A fluid-pressure-set uphole end for a hybrid straddle packer has a multicomponent mandrel with a fixed piston and a multicomponent sliding sleeve with a sliding sleeve piston housing that houses the fixed piston. The multicomponent sliding sleeve reciprocates within a limited range on the multicomponent mandrel in response to fluid pressure pumped into a central passage of the multicomponent mandrel. An anti-set spring constantly resists relative movement between the multicomponent mandrel and the multicomponent sliding sleeve and returns the uphole end to a run-in condition when fluid pressure in the central passage is released.

Description

CROSS REFERENCE TO RELATED APPLICATIONS

This is the first application filed for this invention.

FIELD OF THE INVENTION

This invention relates in general to precision fracking systems and, in particular, to a fluid-pressure-set uphole end for a hybrid straddle packer for cased or open hole well stimulation or remediation.

BACKGROUND OF THE INVENTION

Well bore pressure isolation tools, commonly referred to as “straddle packers”, are known and used to pressure isolate a downhole area of interest in a cased or open hydrocarbon well bore for the purpose of what is known as focused or precision well stimulation or remediation. Straddle packers designed for this purpose are well known, but their use has been associated with operational issues that frequently render them unreliable. Consequently, Applicant Invented an uphole end for compression-set straddle packers that is described in Applicant's co-pending U.S. patent application Ser. No. 16/289,805 filled Mar. 1, 2019. Compression-set straddle packers are especially useful when pumping stimulation fluids containing up to about 4 pounds or less of proppant per gallon of pumped fluid. However, when pumping stimulation fluids that contain more than about 4 pounds per gallon of proppant, compression-set straddle packers may not operate optimally under all conditions.
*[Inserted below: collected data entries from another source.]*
(* Let $\beta\in(1,3/2]$. The restriction $\varphi'=\varphi|_Z:Z\to D$ is a bijection which is measurable with measurable inverse.
   Context: $\vec q_0=(0,0)$, $\vec q_1=(1,0)$, $\vec q_2=(0,1)$; $S_\beta$ is the attractor of the IFS $f_{\vec q_i}(\vec z)=(\vec z+\vec q_i)/\beta$ (for $1<\beta\le3/2$ the closed triangle with vertices $(0,0)$, $(\frac1{\beta-1},0)$, $(0,\frac1{\beta-1})$), with Borel $\sigma$-algebra. Subsets of $S_\beta$: $E_0=[0,\frac1\beta)\times[0,\frac1\beta)$; $E_1=\{0\le y<\frac1\beta,\ \frac{1}{\beta(\beta-1)}<x+y\le\frac{1}{\beta-1}\}$; $E_2=\{0\le x<\frac1\beta,\ \frac{1}{\beta(\beta-1)}<x+y\le\frac{1}{\beta-1}\}$; $C_{01}=\{x\ge\frac1\beta,\ 0\le y<\frac1\beta,\ x+y\le\frac{1}{\beta(\beta-1)}\}$; $C_{12}=\{x\ge\frac1\beta,\ y\ge\frac1\beta,\ \frac{1}{\beta(\beta-1)}<x+y\le\frac{1}{\beta-1}\}$; $C_{02}=\{0\le x<\frac1\beta,\ y\ge\frac1\beta,\ x+y\le\frac{1}{\beta(\beta-1)}\}$; $C_{012}=\{x\ge\frac1\beta,\ y\ge\frac1\beta,\ x+y\le\frac{1}{\beta(\beta-1)}\}$; $C=C_{01}\cup C_{12}\cup C_{02}$. $\Omega=\{0,1\}^{\mathbb N}$, $\Upsilon=\{0,1,2\}^{\mathbb N}$ with product $\sigma$-algebras and left shifts $\sigma,\sigma'$. $K_\beta$ on $\Omega\times\Upsilon\times S_\beta$: $K_\beta(\omega,\upsilon,\vec z)=(\omega,\upsilon,\beta\vec z-\vec q_i)$ if $\vec z\in E_i$; $(\sigma\omega,\upsilon,\beta\vec z-\vec q_i)$ if $\omega_1=0$, $\vec z\in C_{ij}$ ($ij\in\{01,12,02\}$); $(\sigma\omega,\upsilon,\beta\vec z-\vec q_j)$ if $\omega_1=1$, $\vec z\in C_{ij}$; $(\omega,\sigma'\upsilon,\beta\vec z-\vec q_i)$ if $\vec z\in C_{012}$, $\upsilon_1=i$. The digit $d_1(\omega,\upsilon,\vec z)$ is the vector subtracted, $d_n=d_1\circ K_\beta^{n-1}$. Define $\varphi:\Omega\times\Upsilon\times S_\beta\to\Upsilon$ by $\varphi(\omega,\upsilon,\vec z)=(b_1,b_2,\ldots)$ where $d_n(\omega,\upsilon,\vec z)=\vec q_{b_n}$. Let $Z$ be the set of $(\omega,\upsilon,\vec z)$ such that $K_\beta^n(\omega,\upsilon,\vec z)\in\Omega\times\Upsilon\times C$ for infinitely many $n$ and $K_\beta^n(\omega,\upsilon,\vec z)\in\Omega\times\Upsilon\times C_{012}$ for infinitely many $n$. Let $D$ be the set of $(b_1,b_2,\ldots)\in\Upsilon$ such that $\sum_{i\ge1}\vec q_{b_{j+i-1}}\beta^{-i}\in C$ for infinitely many $j$ and $\sum_{i\ge1}\vec q_{b_{j+i-1}}\beta^{-i}\in C_{012}$ for infinitely many $j$. (One has $\varphi(Z)=D$.) *)

From HB Require Import structures.
From mathcomp Require Import all_boot all_order all_algebra.
From mathcomp Require Import all_classical all_reals all_analysis.
Set Implicit Arguments. Unset Strict Implicit. Unset Printing Implicit Defensive.
Import Order.TTheory GRing.Theory Num.Theory.
Import numFieldNormedType.Exports.
Local Open Scope classical_set_scope.
Local Open Scope ring_scope.

(* Omega = {0,1}^N  (false = 0, true = 1), Upsilon = {0,1,2}^N;
   sequences are indexed from 0, so omega_1 is [w 0O]. *)
Definition Omega := nat -> bool.
Definition Upsilon := nat -> 'I_3.

Definition state (R : realType) := (Omega * Upsilon * (R * R))%type.

Definition qv (R : realType) (i : 'I_3) : R * R :=
  match val i with 0%N => (0, 0) | 1%N => (1, 0) | _ => (0, 1) end.

Section Regions.
Variables (R : realType) (beta : R).

Definition Sbeta : set (R * R) :=
  [set z | 0 <= z.1 /\ 0 <= z.2 /\ z.1 + z.2 <= (beta - 1)^-1].

Definition E0 : set (R * R) :=
  [set z | 0 <= z.1 < beta^-1 /\ 0 <= z.2 < beta^-1].
Definition E1 : set (R * R) :=
  [set z | 0 <= z.2 < beta^-1 /\
           (beta * (beta - 1))^-1 < z.1 + z.2 <= (beta - 1)^-1].
Definition E2 : set (R * R) :=
  [set z | 0 <= z.1 < beta^-1 /\
           (beta * (beta - 1))^-1 < z.1 + z.2 <= (beta - 1)^-1].
Definition C01 : set (R * R) :=
  [set z | beta^-1 <= z.1 /\ 0 <= z.2 < beta^-1 /\
           z.1 + z.2 <= (beta * (beta - 1))^-1].
Definition C12 : set (R * R) :=
  [set z | beta^-1 <= z.1 /\ beta^-1 <= z.2 /\
           (beta * (beta - 1))^-1 < z.1 + z.2 <= (beta - 1)^-1].
Definition C02 : set (R * R) :=
  [set z | 0 <= z.1 < beta^-1 /\ beta^-1 <= z.2 /\
           z.1 + z.2 <= (beta * (beta - 1))^-1].
Definition C012 : set (R * R) :=
  [set z | beta^-1 <= z.1 /\ beta^-1 <= z.2 /\
           z.1 + z.2 <= (beta * (beta - 1))^-1].
Definition Cset : set (R * R) := C01 `|` C12 `|` C02.

Definition Tmap (i : 'I_3) (z : R * R) : R * R :=
  (beta * z.1 - (qv R i).1, beta * z.2 - (qv R i).2).

Definition shiftO (w : Omega) : Omega := fun n => w n.+1.
Definition shiftU (u : Upsilon) : Upsilon := fun n => u n.+1.

Definition i0 : 'I_3 := @Ordinal 3 0 isT.
Definition i1 : 'I_3 := @Ordinal 3 1 isT.
Definition i2 : 'I_3 := @Ordinal 3 2 isT.

(* one step of K_beta: returns (index b of the digit d_1 = q_b, K_beta x).
   The last branch (points outside S_beta) is irrelevant junk. *)
Definition Kstep (x : state R) : 'I_3 * state R :=
  let: (w, u, z) := x in
  if `[< E0 z >] then (i0, (w, u, Tmap i0 z))
  else if `[< E1 z >] then (i1, (w, u, Tmap i1 z))
  else if `[< E2 z >] then (i2, (w, u, Tmap i2 z))
  else if `[< C01 z >] then
    (let b := if w 0%N then i1 else i0 in (b, (shiftO w, u, Tmap b z)))
  else if `[< C12 z >] then
    (let b := if w 0%N then i2 else i1 in (b, (shiftO w, u, Tmap b z)))
  else if `[< C02 z >] then
    (let b := if w 0%N then i2 else i0 in (b, (shiftO w, u, Tmap b z)))
  else if `[< C012 z >] then
    (let b := u 0%N in (b, (w, shiftU u, Tmap b z)))
  else (i0, x).

Definition Kbeta (x : state R) : state R := (Kstep x).2.

Definition Kiter (n : nat) (x : state R) : state R := iter n Kbeta x.

(* phi(x) = (b_1, b_2, ...) with d_n(x) = q_{b_n}; index k here is b_{k+1} *)
Definition phi (x : state R) : Upsilon := fun k => (Kstep (Kiter k x)).1.

Definition inf_often (P : nat -> Prop) : Prop :=
  forall N : nat, exists2 n : nat, (N <= n)%N & P n.

Definition Zset : set (state R) :=
  [set x | Sbeta x.2 /\
           inf_often (fun n => Cset (Kiter n x).2) /\
           inf_often (fun n => C012 (Kiter n x).2)].

(* sum_{i>=1} q_{b_{j+i-1}} beta^{-i}, written 0-indexed:
   sum_{i>=0} q_{b (j+i)} beta^{-(i+1)}, coordinatewise *)
Definition proj_seq (b : Upsilon) (j : nat) : R * R :=
  (limn (series (fun i => (qv R (b (j + i)%N)).1 * beta ^- i.+1)),
   limn (series (fun i => (qv R (b (j + i)%N)).2 * beta ^- i.+1))).

Definition Dset : set Upsilon :=
  [set b | inf_often (fun j => Cset (proj_seq b j)) /\
           inf_often (fun j => C012 (proj_seq b j))].

End Regions.

Definition seq_sigma (K : Type) : set (set (nat -> K)) :=
  <<s [set A | exists (n : nat) (k : K), A = [set w | w n = k]] >>.

Arguments seq_sigma K : clear implicits.

Definition borel2 (R : realType) : set (set (R * R)) :=
  <<s [set A : set (R * R) | open A] >>.

Arguments borel2 R : clear implicits.

(* product sigma-algebra on Omega x Upsilon x R^2; restricted (trace) to
   Omega x Upsilon x S_beta it is the product sigma-algebra there *)
Definition state_sigma (R : realType) : set (set (state R)) :=
  <<s [set S | exists A B C, [/\ seq_sigma bool A, seq_sigma 'I_3 B,
                           borel2 R C & S = A `*` B `*` C]] >>.

Arguments state_sigma R : clear implicits.

(* measurability of f restricted to Dom (with trace sigma-algebra on Dom);
   the codomain carries the trace of FY on a set containing f(Dom), whose
   measurable sets are traces of FY-sets, so it suffices to test those. *)
Definition trace_measurable (X Y : Type) (FX : set (set X)) (FY : set (set Y))
    (Dom : set X) (f : X -> Y) : Prop :=
  forall B, FY B -> exists2 A, FX A & Dom `&` f @^-1` B = Dom `&` A.

(* Off the switch regions the digit of K_beta is forced by the position z; on a
   region C_ij it is the upper or lower of the two digits i, j according to the
   first letter of omega (which is then consumed), and on C_012 it is the first
   letter of upsilon.  Every admissible digit b keeps beta z - q_b in S_beta, and
   a bounded orbit of the affine maps z |-> beta z - q_b is unique, so the space
   component of K^j x is the radix expansion pi_j(b) = sum_i q_(b_(j+i)) beta^-(i+1)
   of the digit sequence b = phi(x).  Hence x is recovered from b: the k-th letter
   of omega records whether b_j was the upper digit at the k-th time j with
   pi_j(b) in C, and the k-th letter of upsilon is b_j at the k-th time j with
   pi_j(b) in C_012.  On Z these times are infinitely many, so every letter is
   read.  phi is measurable because K_beta is a finite case split into continuous
   pieces over Borel regions; the inverse is measurable because pi_j is a uniform
   limit of functions of finitely many letters of b. *)

From mathcomp Require Import all_boot all_order all_algebra.
From mathcomp Require Import all_classical all_reals all_analysis.
From mathcomp Require Import ring lra zify.
Import Order.TTheory GRing.Theory Num.Theory.
Import numFieldNormedType.Exports.
Local Open Scope classical_set_scope.
Local Open Scope ring_scope.

(** * Generated sigma-algebras *)

Section GeneratedSigmaAlgebra.
Context {T : Type} (G : set (set T)).
Local Notation S := <<s G >>.

Lemma salg0 : S set0. Proof. exact: sigma_algebra0. Qed.

Lemma salgC A : S A -> S (~` A).
Proof. by rewrite -setTD; exact: sigma_algebraCD. Qed.

Lemma salgT : S setT. Proof. by rewrite -[X in S X]setC0; apply: salgC; exact: salg0. Qed.

Lemma salg_bigcup (A : (set T)^nat) : (forall i, S (A i)) -> S (\bigcup_i A i).
Proof. exact: sigma_algebra_bigcup. Qed.

Lemma salg_bigcap (A : (set T)^nat) : (forall i, S (A i)) -> S (\bigcap_i A i).
Proof.
move=> SA; rewrite -[X in S X]setCK setC_bigcap.
by apply: salgC; apply: salg_bigcup => i; exact: salgC.
Qed.

Lemma salgU A B : S A -> S B -> S (A `|` B).
Proof. by move=> SA SB; rewrite -bigcup2E; apply: salg_bigcup => -[|[|i]] //=; exact: salg0. Qed.

Lemma salgI A B : S A -> S B -> S (A `&` B).
Proof.
by move=> SA SB; rewrite -[X in S X]setCK setCI; apply: salgC; apply: salgU; exact: salgC.
Qed.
Heavily proppant-laden fluids have been pumped using packer cups uphole from a compression-set packer to straddle and isolate perforations in a well bore. This arrangement permits “reverse” circulation (pumping proppant-free fluid down an annulus of the well) in the event of a “screen-out” (work string blockage due to proppant accumulation in the work string and/or the straddle packer), without moving pipe in the hole. However, packer cups have many operational disadvantages because cup-drag and cup-wear limit their use to shallow wells and a small number of zones per trip in the hole, as is well understood by those skilled in the art.

There therefore exists a need for a hybrid straddle packer that enables forward or reverse fluid circulation without pipe movement if a screen-out occurs while pumping proppant-laden stimulation fluids.

SUMMARY OF THE INVENTION

It Is therefore an object of the invention to provide a fluid-pressure-set uphole end for a hybrid straddle packer.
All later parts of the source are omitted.